HIV incidence and associated risk factors among Peruvian male participants of the NIMH collaborative HIV/STD prevention trial
E. Segura1, A. Silva-Santisteban1, S. Leon1, T. Coates2, C. Caceres1
1Universidad Peruana Cayetano Heredia, Lima, Peru, 2University of California at Los Angeles, Los Angeles, CA, United States
Background: In recent years, HIV incidence in Peruvian men who have sex with me (MSM) has been estimated from surveillance data, differential sensitivity EIA and other sources, raising questions of external validity. Based on secondary data from a large cohort, we aimed to estimate HIV incidence, and its associated factors, in urban men (including MSM) in three Peruvian coastal cities (Lima, Trujillo and Chiclayo).
Methods: Methods and outcomes of the overall 5-country NIMH Collaborative Trial have been described elsewhere. In this secondary analysis, only men with consistently negative HIV test results at baseline, and a total of two visits minimum(including baseline) were included. Incident HIV infections were defined as reactive EIA/reactive WB at any visit after negative results in a previous visit. A multilevel Poisson regression model was developed to estimate the HIV incidence rate and explore associations.

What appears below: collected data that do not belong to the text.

Lemma convex_hom_subadditive (R : realType) (n : nat) (G : 'rV[R]_n -> R) :
  convex_fun G -> one_homogeneous G -> forall x y, G (x + y) <= G x + G y.
Proof.
move=> Gc Ghom x y.
have mid : G (2^-1 *: x + 2^-1 *: y) <= 2^-1 * G x + 2^-1 * G y.
  have half : 1 - 2^-1 = 2^-1 :> R by lra.
  by have := Gc x y 2^-1; rewrite half; apply; apply/andP; split; lra.
have -> : x + y = 2 *: (2^-1 *: x + 2^-1 *: y).
  by rewrite -scalerDr scalerA mulfV ?pnatr_eq0 // scale1r.
rewrite Ghom ?ler0n //; lra.
Qed.

Section Boundary.
Variables (R : realType) (n : nat) (F : 'rV[R]_n -> R).
Hypothesis F_lsc : lower_semicontinuous (fun x => (F x)%:E).
Local Notation K := (KF F).

Lemma KF_closed : closed K.
Proof.
have -> : K = \bigcap_(v in @sphere R n) [set z | dot z v <= F v].
  by apply/seteqP; split=> z Kz v /Kz.
apply: closed_bigI => v _.
apply: (@preimage_closed _ _ (fun z => dot z v) [set r | r <= F v]); last exact: closed_le.
move=> z _; apply: (@continuous_comp _ _ _ (fun z => (z, v)) (fun q => dot q.1 q.2)).
  exact: (@cvg_pair _ _ _ _ (nbhs z) (nbhs v) _ _ _ id (cst v) cvg_id (cvg_cst v)).
exact: continuous_dot.
Qed.

Lemma interior_KF y : (forall w, sphere w -> dot y w < F w) -> interior K y.
Proof.
move=> yF.
have dot_swap : continuous (fun q : 'rV[R]_n * 'rV[R]_n => dot q.2 q.1).
  have -> : (fun q : 'rV[R]_n * 'rV[R]_n => dot q.2 q.1) = (fun q => dot q.1 q.2).
    by apply/funext => q; rewrite dotC.
  exact: continuous_dot.
have : \forall z \near y, @sphere R n `<=` [set w | dot z w < F w].
  apply: ((compact_near_coveringP _).1 (@compact_sphere R n) _ (nbhs y)
    (fun z w => dot z w < F w)) => w w1.
  have ywF := yF w w1; pose a := (dot y w + F w) / 2.
  have Fa : \forall w' \near w, (a%:E < (F w')%:E)%E.
    have aw : (a%:E < (F w)%:E)%E by rewrite lte_fin /a; lra.
    by have [V wV VF] := F_lsc aw; exact: filterS VF wV.
  have da : \forall q \near (w, y), dot q.2 q.1 < a.
    by apply: (cvgr_lt _ (dot_swap (w, y))); rewrite /a /=; lra.
  apply: (@filterS _ _ _ ([set q | dot q.2 q.1 < a] `&` [set q | (a%:E < (F q.1)%:E)%E])).
    by move=> [w' z] [/= za]; rewrite lte_fin => aF; lra.
  apply: filterI; first exact: da.
  exists ([set w' | (a%:E < (F w')%:E)%E], setT); first by split; [exact: Fa | exact: filterT].
  by move=> -[? ?] [].
by apply: filterS => z zF v /zF /ltW.
Qed.

Lemma boundary_KF_active y : boundary K y -> K y /\ exists2 w, sphere w & dot y w = F w.
Proof.
move=> [/KF_closed Ky noint]; split=> //; apply: contrapT => inactive.
apply: noint; apply: interior_KF => w w1; rewrite lt_neqAle Ky // andbT.
by apply/eqP => ywF; apply: inactive; exists w.
Qed.

End Boundary.

Lemma hom_ext_sphere (R : realType) (n : nat) (g : 'rV[R]_n -> R) w :
  sphere w -> hom_ext g w = g w.
Proof.
move=> w1; rewrite /hom_ext (negbTE (sphere_neq0 w1)).
by have -> : enorm w = 1 by []; rewrite invr1 scale1r mul1r.
Qed.

Section SupportFunction.
Variables (R : realType) (n : nat) (F : 'rV[R]_n -> R).
Hypothesis F_ge0 : forall w, sphere w -> 0 <= F w.
Implicit Types (x y z v w u : 'rV[R]_n).
Local Notation K := (KF F).
Local Notation h := (support_fun K).

Lemma KF0 : K 0.
Proof. by move=> v /F_ge0; rewrite dot0l. Qed.

Lemma KF_coord_le y i : K y -> `|y ord0 i| <= F (delta_mx 0 i) + F (- delta_mx 0 i).
Proof.
move=> Ky; have /Ky := sphere_delta R i; have /Ky := sphereN (sphere_delta R i).
have := F_ge0 (sphere_delta R i); have := F_ge0 (sphereN (sphere_delta R i)).
rewrite dotNr dot_delta ler_norml; lra.
Qed.

Lemma dot_KF_le x y : K y ->
  dot x y <= \sum_i `|x ord0 i| * (F (delta_mx 0 i) + F (- delta_mx 0 i)).
Proof.
move=> Ky; apply: ler_sum => i _; apply: le_trans (ler_norm _) _.
by rewrite normrM ler_wpM2l // KF_coord_le.
Qed.

Lemma support_KF_ub x y : K y -> dot x y <= h x.
Proof.
move=> Ky; apply: sup_upper_bound; last by exists y.
split; first by exists (dot x 0), 0; [exact: KF0|].
by eexists => _ [z Kz <-]; exact: dot_KF_le.
Qed.

Lemma support_KF_lub x a : (forall y, K y -> dot x y <= a) -> h x <= a.
Proof.
move=> xa; apply: ge_sup; first by exists (dot x 0), 0; [exact: KF0|].
by move=> _ [y Ky <-]; exact: xa.
Qed.

Lemma support_KF0 : h 0 = 0.
Proof.
apply/eqP; rewrite eq_le support_KF_lub => [|y _]; last by rewrite dot0l.
by have := support_KF_ub 0 KF0; rewrite dot0r.
Qed.

Lemma support_KFZ t x : 0 <= t -> h (t *: x) = t * h x.
Proof.
rewrite le_eqVlt => /predU1P[<-|t0]; first by rewrite scale0r support_KF0 mul0r.
apply/eqP; rewrite eq_le; apply/andP; split.
  by apply: support_KF_lub => y Ky; rewrite dotZl ler_pM2l // support_KF_ub.
rewrite -ler_pdivlMl //; apply: support_KF_lub => y Ky.
by rewrite ler_pdivlMl // -dotZl support_KF_ub.
Qed.

Lemma support_KF_convex : convex_fun h.
Proof.
move=> x y t /andP[t0 t1]; apply: support_KF_lub => z Kz.
rewrite dotDl !dotZl; apply: lerD; apply: ler_wpM2l; rewrite ?subr_ge0 //;
  exact: support_KF_ub.
Qed.

Lemma support_KF_le_F u : sphere u -> h u <= F u.
Proof. by move=> u1; apply: support_KF_lub => y /(_ u u1); rewrite dotC. Qed.

(* On the sphere, [W_sph F] is the radial function of [K]. *)
Local Notation rho := (W_sph F).

Lemma W_sph_ge0 v : sphere v -> 0 <= rho v.
Proof.
move=> v1; apply: lb_le_inf.
  by exists (F v / dot v v), v => //; split; rewrite ?(sphereE v).1 ?ltr01.
by move=> _ [w [w1 vw] <-]; rewrite divr_ge0 ?F_ge0 ?ltW.
Qed.

Lemma W_sph_KF v : sphere v -> K (rho v *: v).
Proof.
move=> v1 u u1; rewrite dotZl.
have [vu|vu] := ltP 0 (dot v u); last first.
  by apply: le_trans (F_ge0 u1); rewrite mulr_ge0_le0 ?W_sph_ge0.
rewrite -ler_pdivlMr //; apply: ge_inf; last by exists u.
by exists 0 => _ [w [w1 vw] <-]; rewrite divr_ge0 ?F_ge0 ?ltW.
Qed.

Lemma W_sph_max w t : sphere w -> K (t *: w) -> t <= rho w.
Proof.
move=> w1 Kt; apply: lb_le_inf.
  by exists (F w / dot w w), w => //; split; rewrite ?(sphereE w).1 ?ltr01.
by move=> _ [u [u1 wu] <-]; rewrite ler_pdivlMr // -dotZl; exact: Kt.
Qed.

Lemma A_sph_W v : sphere v -> A_sph (W F) v = h v.
Proof.
move=> v1.
have ub w : sphere w -> W F w * dot v w <= h v.
  by move=> w1; rewrite /W hom_ext_sphere // -dotZr; apply/support_KF_ub/W_sph_KF.
have supA : has_sup [set W F w * dot v w | w in @sphere R n].
  split; first by exists (W F v * dot v v), v.
  by exists (h v) => _ [w w1 <-]; exact: ub.
have A_ge w : sphere w -> W F w * dot v w <= A_sph (W F) v.
  by move=> w1; apply: sup_upper_bound => //; exists w.
apply/eqP; rewrite eq_le; apply/andP; split.
  by apply: ge_sup; [case: supA | move=> _ [w w1 <-]; exact: ub].
apply: support_KF_lub => y Ky.
have [vy|vy] := leP (dot v y) 0.
  apply: le_trans vy (le_trans _ (A_ge v v1)).
  by rewrite (sphereE _).1 // mulr1 /W hom_ext_sphere ?W_sph_ge0.
have y0 : y != 0 by apply: contraTneq vy => ->; rewrite dot0r ltxx.
set u := (enorm y)^-1 *: y; have u1 : sphere u := sphere_normalize y0.
have yE : y = enorm y *: u by rewrite normalizeK.
have vu : 0 < dot v u by move: vy; rewrite yE dotZr pmulr_rgt0 // enorm_gt0.
apply: le_trans (A_ge u u1); rewrite [in dot v y]yE dotZr.
apply: ler_wpM2r; first exact: ltW.
by rewrite /W hom_ext_sphere //; apply: W_sph_max; rewrite // -yE.
Qed.

Lemma D_support_KF x : D F x = h x.
Proof.
rewrite /D /A /hom_ext; have [->|x0] := eqVneq x 0; first by rewrite support_KF0.
rewrite A_sph_W; last exact: sphere_normalize.
by rewrite -support_KFZ ?normalizeK //; exact/ltW/enorm_gt0.
Qed.

Lemma convex_hom_le_support_KF G : convex_fun G -> one_homogeneous G ->
  (forall v, sphere v -> G v <= F v) -> forall x, G x <= h x.
Proof.
move=> Gc Ghom GF x.
have [y [yG Gx]] := hahn_banach_rV Ghom (convex_hom_subadditive Gc Ghom) x.
apply: le_trans Gx _; rewrite dotC; apply: support_KF_ub => // v v1.
exact: le_trans (yG v) (GF v v1).
Qed.

Lemma supporting_hyperplane_KF x v :
  K x -> supporting_hyperplane K x v <-> dot x v = h v.
Proof.
move=> Kx; split=> [[m [[y Ky yv] [Km /seteqP[hyper _]]]]|xv].
  have xm : dot x v = m by apply: hyper; exists 0; [exact: dot0l | exact: addr0].
  apply/eqP; rewrite eq_le xm -[X in X <= _]yv dotC support_KF_ub //=.
  by apply: support_KF_lub => z Kz; rewrite dotC; exact: Km.
exists (h v); split; first by exists x.
split=> [y Ky|]; first by rewrite dotC support_KF_ub.
apply/seteqP; split=> [_ [z /= zv <-]|z /= zv]; first by rewrite dotDl zv addr0.
by exists (z - x); [rewrite /= dotBl zv xv subrr | rewrite addrC subrK].
Qed.

Hypothesis F_lsc : lower_semicontinuous (fun x => (F x)%:E).
Hypothesis F_hom : one_homogeneous F.

Lemma Ort_KF_sub_Cont : Ort K `<=` Cont F.
Proof.
move=> v [v0 [y /(boundary_KF_active F_lsc) [Ky [w w1 ywF]] normalN]].
set u := (enorm v)^-1 *: v.
have wu : w = u.
  suff : (normal_cone K y `&` @sphere R n) w by rewrite normalN.
  by split=> // z Kz; rewrite dotBr dotC (dotC w) ywF subr_le0; exact: Kz.
have Fu : F u = h u.
  apply/eqP; rewrite eq_le -wu support_KF_le_F // andbT -ywF dotC.
  exact: support_KF_ub.
have v_ge0 : 0 <= enorm v by exact/ltW/enorm_gt0.
by rewrite /Cont /= D_support_KF -(normalizeK v0) -/u F_hom // support_KFZ // Fu.
Qed.

End SupportFunction.

Theorem lemma2p3 (R : realType) (n : nat) (F : 'rV[R]_n -> R) :
  (2 <= n)%N -> integrand F ->
  (* (i) *)
  ((forall x, D F x = support_fun (KF F) x) /\ convex_fun (D F) /\
   (forall G : 'rV[R]_n -> R, convex_fun G -> one_homogeneous G ->
      positive_on_sphere G -> (forall x, G x <= F x) ->
      forall x, G x <= D F x)) /\
  (* (ii) *)
  (forall v xbar, sphere v -> KF F xbar ->
     (D F v = dot v xbar <->
        (exists2 z, dot z v = 0 & xbar = D F v *: v + z)) /\
     ((exists2 z, dot z v = 0 & xbar = D F v *: v + z) <->
        supporting_hyperplane (KF F) xbar v)) /\
  (* (iii) *)
  Ort (KF F) `<=` Cont F.
Proof.
move=> _ [F_lsc [F_hom F_pos]].
have F_ge0 w : sphere w -> 0 <= F w by move=> /F_pos /ltW.
have DE := D_support_KF F_ge0.
split; [split; [|split] | split].
- exact: DE.
- by move=> x y t t01; rewrite !DE; exact: support_KF_convex.
- by move=> G Gc Ghom _ GF x; rewrite DE; apply: convex_hom_le_support_KF => // v _.
- move=> v x v1 Kx; rewrite -sphere_dot_decomp // supporting_hyperplane_KF // DE.
  by rewrite dotC; split; split=> ->.
- exact: Ort_KF_sub_Cont.
Qed.
(* Let $p\in(1,2)$ and let $u$ be an ancient solution of the half-space problem $u_t-\Delta u=|\nabla u|^p$ in $\mathbb{R}^n_+\times(-\infty,0)$, $u=0$ on $\partial\mathbb{R}^n_+\times(-\infty,0)$. Assume that for each $\varepsilon>0$, $$\inf_{\Gamma_R\times(-\infty,-\varepsilon]}u=o(R)\quad\text{as }R\to\infty.$$ Then $u\ge0$.
   Context: $\mathbb{R}^n_+:=\{x\in\mathbb{R}^n: x_n>0\}$, $\Gamma_R:=\{x\in\mathbb{R}^n: 0<x_n<R\}$. An ancient solution of the half-space problem is a function $u\in C^{2,1}(Q)\cap C(\overline Q)$, $Q=\mathbb{R}^n_+\times(-\infty,0)$, satisfying the PDE pointwise in $Q$ and $u=0$ pointwise on $\partial\mathbb{R}^n_+\times(-\infty,0)$. *)

From mathcomp Require Import all_boot.
From Stdlib Require Import Reals.
From Coquelicot Require Import Coquelicot.
Open Scope R_scope.

(* the last coordinate x_n (0 in the degenerate case n = 0) *)
Definition lastc {n : nat} (x : 'I_n -> R) : R :=
  match n as m return ('I_m -> R) -> R with
  | 0 => fun _ => 0
  | m.+1 => fun y => y ord_max
  end x.

Definition shift {n : nat} (x : 'I_n -> R) (i : 'I_n) (s : R) : 'I_n -> R :=
  fun j => if j == i then x j + s else x j.

Definition pd {n : nat} (i : 'I_n) (f : ('I_n -> R) -> R -> R)
  : ('I_n -> R) -> R -> R :=
  fun x t => Derive (fun s => f (shift x i s) t) 0.
Definition has_pd {n : nat} (i : 'I_n) (f : ('I_n -> R) -> R -> R)
  (x : 'I_n -> R) (t : R) : Prop :=
  ex_derive (fun s => f (shift x i s) t) 0.
Definition dt {n : nat} (f : ('I_n -> R) -> R -> R) : ('I_n -> R) -> R -> R :=
  fun x t => Derive (fun s => f x s) t.

Definition gradnorm {n : nat} (f : ('I_n -> R) -> R -> R) (x : 'I_n -> R) (t : R) : R :=
  sqrt (\big[Rplus/0]_(i < n) (pd i f x t) ^ 2).
Definition lap {n : nat} (f : ('I_n -> R) -> R -> R) (x : 'I_n -> R) (t : R) : R :=
  \big[Rplus/0]_(i < n) pd i (pd i f) x t.

Definition rpow (a p : R) : R := if Rlt_dec 0 a then Rpower a p else 0.

Definition inQ {n : nat} (x : 'I_n -> R) (t : R) : Prop := 0 < lastc x /\ t < 0.
Definition inQbar {n : nat} (x : 'I_n -> R) (t : R) : Prop := 0 <= lastc x /\ t <= 0.

Definition cont_within {n : nat} (D : ('I_n -> R) -> R -> Prop)
  (f : ('I_n -> R) -> R -> R) (x : 'I_n -> R) (t : R) : Prop :=
  forall eps, 0 < eps -> exists delta, 0 < delta /\
    forall y s, D y s -> (forall i, Rabs (y i - x i) < delta) ->
      Rabs (s - t) < delta -> Rabs (f y s - f x t) < eps.

Definition C21 {n : nat} (f : ('I_n -> R) -> R -> R) : Prop :=
  forall x t, inQ x t ->
    cont_within inQ f x t /\
    (forall i, has_pd i f x t /\ cont_within inQ (pd i f) x t) /\
    (forall i j, has_pd j (pd i f) x t /\ cont_within inQ (pd j (pd i f)) x t) /\
    ex_derive (fun s => f x s) t /\ cont_within inQ (dt f) x t.

Definition ancient_solution {n : nat} (p : R) (u : ('I_n -> R) -> R -> R) : Prop :=
  C21 u /\
  (forall x t, inQbar x t -> cont_within inQbar u x t) /\
  (forall x t, inQ x t -> dt u x t - lap u x t = rpow (gradnorm u x t) p) /\
  (forall x t, lastc x = 0 -> t < 0 -> u x t = 0).

From mathcomp Require Import all_boot.
From Stdlib Require Import Reals Lra FunctionalExtensionality.
From Coquelicot Require Import Coquelicot.
From mathcomp Require all_algebra all_classical all_reals all_analysis Rstruct_topology.
From mathcomp Require Import Rstruct.
Open Scope R_scope.

(* Fix (x0, t0) in Q and kappa > 0; it suffices to show u(x0, t0) >= - kappa x0_n.
   By the growth assumption u >= - kappa rho on 0 < x_n <= rho, t <= t0, for rho large.
   For small B > 0 compare u with the barrier
     phi(x, t) = - kappa x_n - B |x - x0|^2 + B (t - t0)
   on a box {|x_j - x0_j| <= L (j < n), 0 <= x_n <= rho, t0 - L <= t <= t0} with
   L = kappa rho / B + 1, and take a minimum point of u - phi.  If the minimum were
   negative, it could not lie on x_n = 0 (where u = 0 >= phi) nor on the other faces
   except the top one (there phi <= - kappa rho <= u).  At the remaining points u_t <= B,
   u_ii >= - 2B and |grad u| >= |u_{x_n}| >= kappa / 2, so
   u_t - Delta u <= (2n + 1) B < (kappa / 2)^p <= |grad u|^p, contradicting the equation. *)

Definition in_box {n : nat} (a b : 'I_n -> R) (T1 T2 : R) (x : 'I_n -> R) (t : R) : Prop :=
  (forall i, a i <= x i <= b i) /\ T1 <= t <= T2.

Module BoxExtremum.
Import all_algebra all_classical all_reals all_analysis Rstruct_topology.
Import numFieldNormedType.Exports.
Local Open Scope ring_scope.
Local Open Scope classical_set_scope.

Section Box.
Variables (n : nat) (a b : 'I_n -> R) (T1 T2 : R).

(* Points (x, t) are encoded as row vectors of 'rV_(n + 1), where boxes are compact. *)
Definition space_part (v : 'rV[R]_(n + 1)) : 'I_n -> R := fun i => v ord0 (lshift 1 i).
Definition time_part (v : 'rV[R]_(n + 1)) : R := v ord0 (rshift n ord0).
Definition to_row (x : 'I_n -> R) (t : R) : 'rV[R]_(n + 1) :=
  \row_j (match fintype.split j with inl i => x i | inr _ => t end).
Definition box_side (j : 'I_(n + 1)) : set R :=
  match fintype.split j with inl i => `[a i, b i] | inr _ => `[T1, T2] end.

Lemma space_part_to_row x t : space_part (to_row x t) = x.
Proof. by apply: funext => i; rewrite /space_part /to_row mxE (unsplitK (inl i)). Qed.

Lemma time_part_to_row x t : time_part (to_row x t) = t.
Proof. by rewrite /time_part /to_row mxE (unsplitK (inr ord0)). Qed.

Lemma in_box_rowE : [set v : 'rV[R]_(n + 1) | in_box a b T1 T2 (space_part v) (time_part v)] =
  [set v | forall j, box_side j (v ord0 j)].
Proof.
apply/seteqP; split => v /=.
- move=> [Hx [H1 H2]] j; rewrite /box_side.
  have := splitK j; case: (fintype.split j) => [i|k] /= <-.
  + have [h1 h2] := Hx i; rewrite /= in_itv /=; apply/andP; split; exact/RleP.
  + have -> : k = ord0 by apply: ord_inj; case: k => [[]].
    rewrite /= in_itv /=; apply/andP; split; exact/RleP.
- move=> H; split; [move=> i|]; rewrite /space_part /time_part.
  + move: (H (lshift 1 i)); rewrite /box_side (unsplitK (inl i)) /= in_itv /=.
    by move=> /andP [/RleP ? /RleP ?].
  + move: (H (rshift n ord0)); rewrite /box_side (unsplitK (inr ord0)) /= in_itv /=.
    by move=> /andP [/RleP ? /RleP ?].
Qed.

Results: The final population included 1888 “Esquineros” (high-risk heterosexually identified men who sometimes have sex with other men) and 421 MSM. HIV incidence rate (per 100 person-years) was 0.24 (0.12-0.48; 95%CI) and 2.2 (1.32 3.68; 95%CI) respectively. In multivariate analysis, none of factors assessed (age, employment, number of sex partners and unprotected anal intercourse-both within last 6 months) were found to be associated with HIV acquisition.
Conclusions: These results are important because: first, they convey the first measurement, high for a concentrated epidemic, of HIV incidence in a male, heterosexually identified, yet socially marginalized population; second, they convey a measurement of HIV incidence among MSM that is lower and arguably more useful that previous ones since
- it was based on a more diverse range of MSM rather than solely high risk individuals,
- it prospectively assessed HIV status in a cohort, and
- it originated from a trial testing a community-level intervention with no statistically significant effect detected as explained elsewhere.